I had never imagined that a PWD might be a better person than they were before dementia.
My husband has not improved, I'm afraid, but I must admit I am much worse than only some years ago.
His illness arrived when I was already disappointed and annoyed with many aspects of his character.
If I want to be honest (which I do, it would be pointless to lie with all of you), I have to say I do not like to share my life with him.
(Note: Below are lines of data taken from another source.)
(* $\mathtt{normal}$-$\mathtt{pred}$-$\mathtt{dio}$-$\mathtt{ESO}$-$\mathtt{HORN}\subseteq\mathtt{RealTime_{IA}}$: for every normalized predecessor Horn formula with diagonal input-output $\Phi$ there is an iterative array accepting in real time exactly the words $w\in\Sigma^+$ with $\langle w\rangle\models\Phi$.
   Context: Fix a finite alphabet $\Sigma$. A nonempty word $w=w_1\cdots w_n$ is represented by the structure $\langle w\rangle=([1,n];(Q_s)_{s\in\Sigma},\mathtt{min},\mathtt{max},\mathtt{suc},\mathtt{pred})$ with $Q_s(i)\iff w_i=s$, $\mathtt{min}(i)\iff i=1$, $\mathtt{max}(i)\iff i=n$, $\mathtt{suc}(i)=\min(i+1,n)$, $\mathtt{pred}(i)=\max(i-1,1)$; $x-1=\mathtt{pred}(x)$. A normalized predecessor Horn formula with diagonal input-output is $\Phi=\exists\mathbf{R}\forall x\forall y\,\psi(x,y)$, with $\mathbf{R}$ a finite set of binary relation symbols and $\psi$ a conjunction of clauses each of one of the forms: input clauses $x=y\wedge\mathtt{min}(x)\wedge Q_s(x)\to R(x,y)$ or $x=y\wedge\neg\mathtt{min}(x)\wedge Q_s(x)\to R(x,y)$ ($s\in\Sigma$, $R\in\mathbf{R}$); the contradiction clause $\mathtt{max}(x)\wedge\mathtt{max}(y)\wedge R_\bot(x,y)\to\bot$ for a fixed $R_\bot\in\mathbf{R}$; computation clauses $\delta_1\wedge\cdots\wedge\delta_r\to R(x,y)$, $R\in\mathbf{R}$, each $\delta_i$ a conjunction $S(x-1,y)\wedge\neg\mathtt{min}(x)$ or $S(x,y-1)\wedge\neg\mathtt{min}(y)$, $S\in\mathbf{R}$. $\mathtt{normal}$-$\mathtt{pred}$-$\mathtt{dio}$-$\mathtt{ESO}$-$\mathtt{HORN}$ is the class of languages $\{w\in\Sigma^+:\langle w\rangle\models\Phi\}$ for such $\Phi$. An iterative array is a cellular automaton with finite state set $Q\supseteq\Sigma$, accepting states $Q_{accept}\subseteq Q$, neighborhood $\{-1,0,1\}$, transition function $\delta:Q^3\to Q$ and an input transition function $\delta_{input}$ for the first cell. On input $w=w_1\cdots w_n$ it uses cells $1,\dots,n$; cells outside are permanently in a state $\sharp$, cells not yet reached by information are in a quiescent state $\lambda$. The letter $w_i$ is given to cell 1 at time $i$ (state of cell 1 at time $i\le n$ computed by $\delta_{input}$ from $w_i$ and the previous neighbourhood states); other updates are $\langle c,t\rangle=\delta(\langle c-1,t-1\rangle,\langle c,t-1\rangle,\langle c+1,t-1\rangle)$. The array accepts $w$ in real time iff $\langle 1,n\rangle\in Q_{accept}$; $\mathtt{RealTime_{IA}}$ is the class of languages so accepted. *)

From mathcomp Require Import all_boot.
Set Implicit Arguments.
Unset Strict Implicit.
Unset Printing Implicit Defensive.

(* Words: a word over Sigma is a seq Sigma; positions are 1-based.     *)

Definition wpred (i : nat) : nat := maxn i.-1 1.

(* An atom delta_i of a computation clause:
     (true,  S)  stands for  S(x-1,y) /\ ~min(x)
     (false, S)  stands for  S(x,y-1) /\ ~min(y)                       *)
Definition catom (Rs : finType) := (bool * Rs)%type.

Record horn_formula (Sigma Rs : finType) := HornFormula {
  (* input clauses (b, s, R):
       b = true :  x = y /\ min(x) /\ Q_s(x) -> R(x,y)
       b = false:  x = y /\ ~min(x) /\ Q_s(x) -> R(x,y)               *)
  input_clauses : seq (bool * Sigma * Rs);
  (* the contradiction clause max(x) /\ max(y) /\ R_bot(x,y) -> False,
     for the fixed symbol R_bot (None = clause absent)                  *)
  contra_clause : option Rs;
  (* computation clauses (R, [:: d_1; ...; d_r]) :
       d_1 /\ ... /\ d_r -> R(x,y)                                      *)
  comp_clauses : seq (Rs * seq (catom Rs));
}.

Section HornSem.
Variables (Sigma Rs : finType).

Definition catom_holds (I : Rs -> nat -> nat -> Prop) (x y : nat)
    (d : catom Rs) : Prop :=
  if d.1 then I d.2 (wpred x) y /\ x <> 1
  else I d.2 x (wpred y) /\ y <> 1.

Definition horn_holds (phi : horn_formula Sigma Rs) (w : seq Sigma) (a : Sigma)
    (I : Rs -> nat -> nat -> Prop) : Prop :=
  let n := size w in
  forall x y : nat, 1 <= x <= n -> 1 <= y <= n ->
    (forall b s R, (b, s, R) \in input_clauses phi ->
        x = y -> (if b then x = 1 else x <> 1) -> nth a w x.-1 = s ->
        I R x y)
 /\ (forall Rb, contra_clause phi = Some Rb ->
        x = n -> y = n -> I Rb x y -> False)
 /\ (forall R ds, (R, ds) \in comp_clauses phi ->
        (forall d, d \in ds -> catom_holds I x y d) -> I R x y).

Definition horn_models (phi : horn_formula Sigma Rs) (w : seq Sigma) : Prop :=
  match w with
  | [::] => False
  | a :: _ => exists I : Rs -> nat -> nat -> Prop, horn_holds phi w a I
  end.

End HornSem.

Record iterative_array (Sigma : finType) := IterativeArray {
  ia_Q : finType;
  ia_embed : Sigma -> ia_Q;
  ia_embed_inj : injective ia_embed;
  ia_accept : pred ia_Q;
  ia_quiescent : ia_Q;
  ia_border : ia_Q;
  ia_delta : ia_Q -> ia_Q -> ia_Q -> ia_Q;
  ia_delta_input : Sigma -> ia_Q -> ia_Q -> ia_Q -> ia_Q;
      (* input transition of cell 1: letter and previous neighbourhood *)
  ia_quiescentP : ia_delta ia_quiescent ia_quiescent ia_quiescent = ia_quiescent;
}.

Arguments ia_Q {Sigma} _.
Arguments ia_accept {Sigma} _.
Arguments ia_quiescent {Sigma} _.
Arguments ia_border {Sigma} _.
Arguments ia_delta {Sigma} _.
Arguments ia_delta_input {Sigma} _.

Section IASem.
Variables (Sigma : finType) (A : iterative_array Sigma).

(* ia_conf w a t c = <c,t>, the state of cell c at time t on input w
   (a = default letter, irrelevant for positions inside w).      *)
Fixpoint ia_conf (w : seq Sigma) (a : Sigma) (t : nat) : nat -> ia_Q A :=
  let n := size w in
  match t with
  | 0 => fun c => if (1 <= c <= n) then ia_quiescent A else ia_border A
  | t'.+1 => fun c =>
      if ~~ (1 <= c <= n) then ia_border A
      else if (c == 1) && (t'.+1 <= n) then
        ia_delta_input A (nth a w t') (ia_conf w a t' 0)
                         (ia_conf w a t' 1) (ia_conf w a t' 2)
      else ia_delta A (ia_conf w a t' c.-1) (ia_conf w a t' c)
                      (ia_conf w a t' c.+1)
  end.

Definition ia_accepts_realtime (w : seq Sigma) : Prop :=
  match w with
  | [::] => False
  | a :: _ => ia_accept A (ia_conf w a (size w) 1)
  end.

End IASem.

From mathcomp Require Import all_boot zify.

Set Implicit Arguments.
Unset Strict Implicit.
Unset Printing Implicit Defensive.

(* The formula is satisfiable on <w> iff its least model M avoids R_bot at
   (n, n), and M obeys the recursion
     M(x, y) = input(x, y) \cup fire(M(x-1, y), M(x, y-1)),
   with M empty on row and column 0.  The array evaluates this recursion
   along anti-diagonals: at time t, cell c+1 holds M at (x, y+1), (y+1, x)
   and (x, y) for x = t-c, y = t+c.  The next window of a cell is computed
   from its own window and those of its two neighbours, and cell 1 reads
   the letter w_x needed for the diagonal entry M(x, x); at time n cell 1
   holds M(n, n). *)

Section HornIA.
Variables (Sigma Rs : finType) (phi : horn_formula Sigma Rs).
Local Notation rels := {set Rs}.

Definition atom_ok (X Y : rels) (d : catom Rs) : bool :=
  d.2 \in (if d.1 then X else Y).

Definition fire (X Y : rels) : rels :=
  [set R | has (fun p => (p.1 == R) && all (atom_ok X Y) p.2) (comp_clauses phi)].

Definition input_set (first : bool) (s : Sigma) : rels :=
  [set R | (first, s, R) \in input_clauses phi].

Definition contradicted (D : rels) : bool :=
  if contra_clause phi is Some Rb then Rb \in D else false.

Lemma fireP X Y R :
  reflect (exists2 ds, (R, ds) \in comp_clauses phi & all (atom_ok X Y) ds)
          (R \in fire X Y).
Proof.
rewrite inE; apply: (iffP hasP) => [[[R' ds] hin /andP[/eqP/= <- hall]]|[ds hin hall]].
  by exists ds.
by exists (R, ds); rewrite //= eqxx.
Qed.

Section LeastModel.
Variables (w : seq Sigma) (a : Sigma).
Local Notation n := (size w).

Definition diag_input (x y : nat) : rels :=
  if x == y then input_set (x == 1) (nth a w x.-1) else set0.

Fixpoint least_model (x : nat) : nat -> rels :=
  if x is x'.+1 then
    fix least_model_row (y : nat) : rels :=
      if y is y'.+1 then
        diag_input x y :|: fire (least_model x' y) (least_model_row y')
      else set0
  else fun=> set0.

Local Notation M := least_model.

Lemma least_model0 y : M 0 y = set0.
Proof. by []. Qed.

Lemma least_model_0 x : M x 0 = set0.
Proof. by case: x. Qed.

Lemma least_modelE x y : 0 < x -> 0 < y ->
  M x y = diag_input x y :|: fire (M x.-1 y) (M x y.-1).
Proof. by case: x => // x; case: y. Qed.

Lemma least_model_fire x y : 0 < x -> 0 < y -> x != y ->
  M x y = fire (M x.-1 y) (M x y.-1).
Proof. by move=> x0 y0 xy; rewrite least_modelE // /diag_input ifN // set0U. Qed.

Lemma wpredE x : 1 < x -> wpred x = x.-1.
Proof. by rewrite /wpred; lia. Qed.

Lemma least_model_sub I : horn_holds phi w a I ->
  forall x y, 1 <= x <= n -> 1 <= y <= n -> forall R, R \in M x y -> I R x y.
Proof.
move=> HI x y; have [k] := ubnP (x + y).
elim: k x y => // k IH x y /ltnSE hk hx hy R.
have [Hin [_ Hcomp]] := HI x y hx hy.
rewrite least_modelE ?in_setU; [|lia|lia].
case/orP=> [|/fireP[ds hR hall]].
  rewrite /diag_input; case: eqP => [exy|_]; last by rewrite inE.
  by rewrite inE => hR; apply: Hin hR exy _ _ => //; case: eqP.
apply: (Hcomp R ds hR) => -[[] S] /(allP hall); rewrite /atom_ok /catom_holds /= => hS.
  have x1 : x != 1 by apply: contraTneq hS => ->; rewrite least_model0 inE.
  by rewrite wpredE; [split; [apply: IH hS; lia | exact/eqP] | lia].
have y1 : y != 1 by apply: contraTneq hS => ->; rewrite least_model_0 inE.
by rewrite wpredE; [split; [apply: IH hS; lia | exact/eqP] | lia].
Qed.

Lemma least_model_holds : ~~ contradicted (M n n) ->
  horn_holds phi w a (fun R x y => R \in M x y).
Proof.
move=> ncontra; rewrite /horn_holds /= => x y hx hy; split; [|split].
- move=> b s R hR <- hb hs; rewrite least_modelE ?in_setU; [|lia|lia].
  rewrite /diag_input eqxx inE hs.
  suff -> : (x == 1) = b by rewrite hR.
  by case: (b) hb => [->|/eqP/negbTE].
- by move=> Rb hRb -> -> hin; move: ncontra; rewrite /contradicted hRb hin.
- move=> R ds hR hds; rewrite least_modelE ?in_setU; [|lia|lia].
  apply/orP; right; apply/fireP; exists ds => //.
  apply/allP => -[[] S] /hds; rewrite /catom_holds /atom_ok /= => -[hS h1].
    by rewrite -wpredE //; lia.
  by rewrite -wpredE //; lia.
Qed.

End LeastModel.

Arguments least_model : simpl never.

Lemma horn_modelsE a w :
  horn_models phi (a :: w) <->
  ~~ contradicted (least_model (a :: w) a (size w).+1 (size w).+1).
Proof.
split=> [[I HI]|/least_model_holds HM].
  apply/negP; rewrite /contradicted; case hRb: (contra_clause phi) => [Rb|] // hin.
  have hn : 1 <= (size w).+1 <= size (a :: w) by rewrite /= leqnn.
  have [_ [Hcontra _]] := HI _ _ hn hn.
  by apply: Hcontra hRb erefl erefl _; apply: least_model_sub hin.
by exists (fun R x y => R \in least_model (a :: w) a x y).
Qed.

Definition window := (rels * rels * rels)%type.
Definition window0 : window := (set0, set0, set0).
Definition win_up (s : window) : rels := s.1.1.
Definition win_low (s : window) : rels := s.1.2.
Definition win_mid (s : window) : rels := s.2.

(* [up] is M(x-1, y+1) and [low] is M(y+1, x-1); both are empty when the
   cell's own previous window [S] is inactive, i.e. on row x = 1. *)
Definition extend (S R : option window) (mid mid' : rels) : window :=
  let s := odflt window0 S in
  let r := odflt window0 R in
  let up := if S is Some _ then fire (win_up r) (win_up s) else set0 in
  let low := if S is Some _ then fire (win_low s) (win_low r) else set0 in
  (fire up mid, fire mid' low, mid).

Definition ia_step (L S R : option window) : option window :=
  if L is Some l then
    let s := odflt window0 S in
    Some (extend S R (fire (win_up s) (win_up l)) (fire (win_low l) (win_low s)))
  else None.

Definition ia_input_step (c : Sigma) (S R : option window) : option window :=
  let s := odflt window0 S in
  let mid := input_set (S == None) c :|: fire (win_up s) (win_low s) in
  Some (extend S R mid mid).

Definition decode (q : option window + Sigma) : option window :=
  if q is inl s then s else None.

Definition ia_accepting (q : option window + Sigma) : bool :=
  if decode q is Some s then ~~ contradicted (win_mid s) else false.

Definition horn_ia : iterative_array Sigma :=
  @IterativeArray Sigma (option window + Sigma)%type inr inr_inj
    ia_accepting (inl None) (inl None)
    (fun l s r => inl (ia_step (decode l) (decode s) (decode r)))
    (fun c _ s r => inl (ia_input_step c (decode s) (decode r))) erefl.

Section Run.
Variables (w : seq Sigma) (a : Sigma).
Local Notation n := (size w).
Local Notation M := (least_model w a).

Definition window_at (x y : nat) : window := (M x y.+1, M y.+1 x, M x y).

Definition cell_state (x y : nat) : option window :=
  if x is 0 then None else Some (window_at x y).

Lemma odflt_cell_state x y : odflt window0 (cell_state x y) = window_at x y.
Proof. by case: x => //; rewrite /window_at least_model_0. Qed.

Lemma extend_window_at x z : 0 < x <= z ->
  extend (cell_state x.-1 z.-1) (cell_state x.-2 z) (M x z) (M z x) = window_at x z.
Proof.
case/andP=> x0 xz; have z0 : 0 < z := leq_trans x0 xz.
rewrite /extend !odflt_cell_state /window_at /win_up /win_low /= (prednK z0).
rewrite [M x z.+1]least_model_fire ?[M z.+1 x]least_model_fire //; try lia.
congr (fire _ _, fire _ _, _) => /=; case: x x0 xz => [|[|x]] //= _ xz.
  by rewrite [RHS]least_model_fire //; lia.
by rewrite [RHS]least_model_fire //; lia.
Qed.

Lemma ia_step_cell_state x y : x < y.+2 ->
  ia_step (cell_state x y) (cell_state x.-1 y.+1) (cell_state x.-2 y.+2) =
  cell_state x y.+2.
Proof.
case: x => // x xy; rewrite [RHS]/cell_state -extend_window_at; last lia.
rewrite /ia_step odflt_cell_state /window_at /win_up /win_low /=.
by congr (Some (extend _ _ _ _)); rewrite [RHS]least_model_fire //; lia.
Qed.

Lemma ia_input_step_cell_state x : 0 < x ->
  ia_input_step (nth a w x.-1) (cell_state x.-1 x.-1) (cell_state x.-2 x) =
  cell_state x x.
Proof.
case: x => // x _; rewrite /ia_input_step odflt_cell_state.
have -> : input_set (cell_state x x == None) (nth a w x)
          :|: fire (win_up (window_at x x)) (win_low (window_at x x)) = M x.+1 x.+1.
  by rewrite least_modelE // /diag_input eqxx; case: x.
by congr Some; apply: (extend_window_at (x := x.+1)); lia.
Qed.

Lemma decode_ia_conf t c : t <= n ->
  decode (ia_conf horn_ia w a t c.+1) = cell_state (t - c) (t + c).
Proof.
elim: t c => [|t IH] c ht /=; first by case: ifP.
case: ifPn => [cn|_]; first by rewrite (_ : t.+1 - c = 0) //; lia.
have IHt c' := IH c' (ltnW ht).
case: c => [|c] /=.
  rewrite ht !IHt !subn0 subn1 !addn0 addn1.
  exact: (ia_input_step_cell_state (x := t.+1)).
rewrite !IHt subSS addSn !addnS !subnS.
by apply: ia_step_cell_state; lia.
Qed.

End Run.

End HornIA.

Theorem lemma6 (Sigma Rs : finType) (phi : horn_formula Sigma Rs) :
  exists A : iterative_array Sigma,
    forall w : seq Sigma, ia_accepts_realtime A w <-> horn_models phi w.
Proof.
exists (horn_ia phi) => -[|a w]; first by split.
rewrite horn_modelsE /ia_accepts_realtime /= /ia_accepting.
by rewrite (decode_ia_conf phi a 0 (leqnn (size (a :: w)))) subn0 addn0.
Qed.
Even the things I would enjoy doing become boring and annoying if done with him.
I can't overcome resentment not over what he is like now, but over he was in the past.
I care for him, his house, his clothes, his meds..and so on. I do not feel like to share anything with him.
I'm doing and will do what he needs, but nothing more.
I have been thinking of your experience.
I had never imagined that a PWD might be a better person than they were before dementia.
My husband has not improved, I'm afraid, but I must admit I am much worse than only some years ago.
His illness arrived when I was already disappointed and annoyed with many aspects of his character.
If I want to be honest (which I do, it would be pointless to lie with all of you), I have to say I do not like to share my life with him. Even the things I would enjoy doing become boring and annoying if done with him.
I can't overcome resentment not over what he is like now, but over he was in the past.
I care for him, his house, his clothes, his meds..and so on. I do not feel like to share anything with him.
I'm doing and will do what he needs, but nothing more.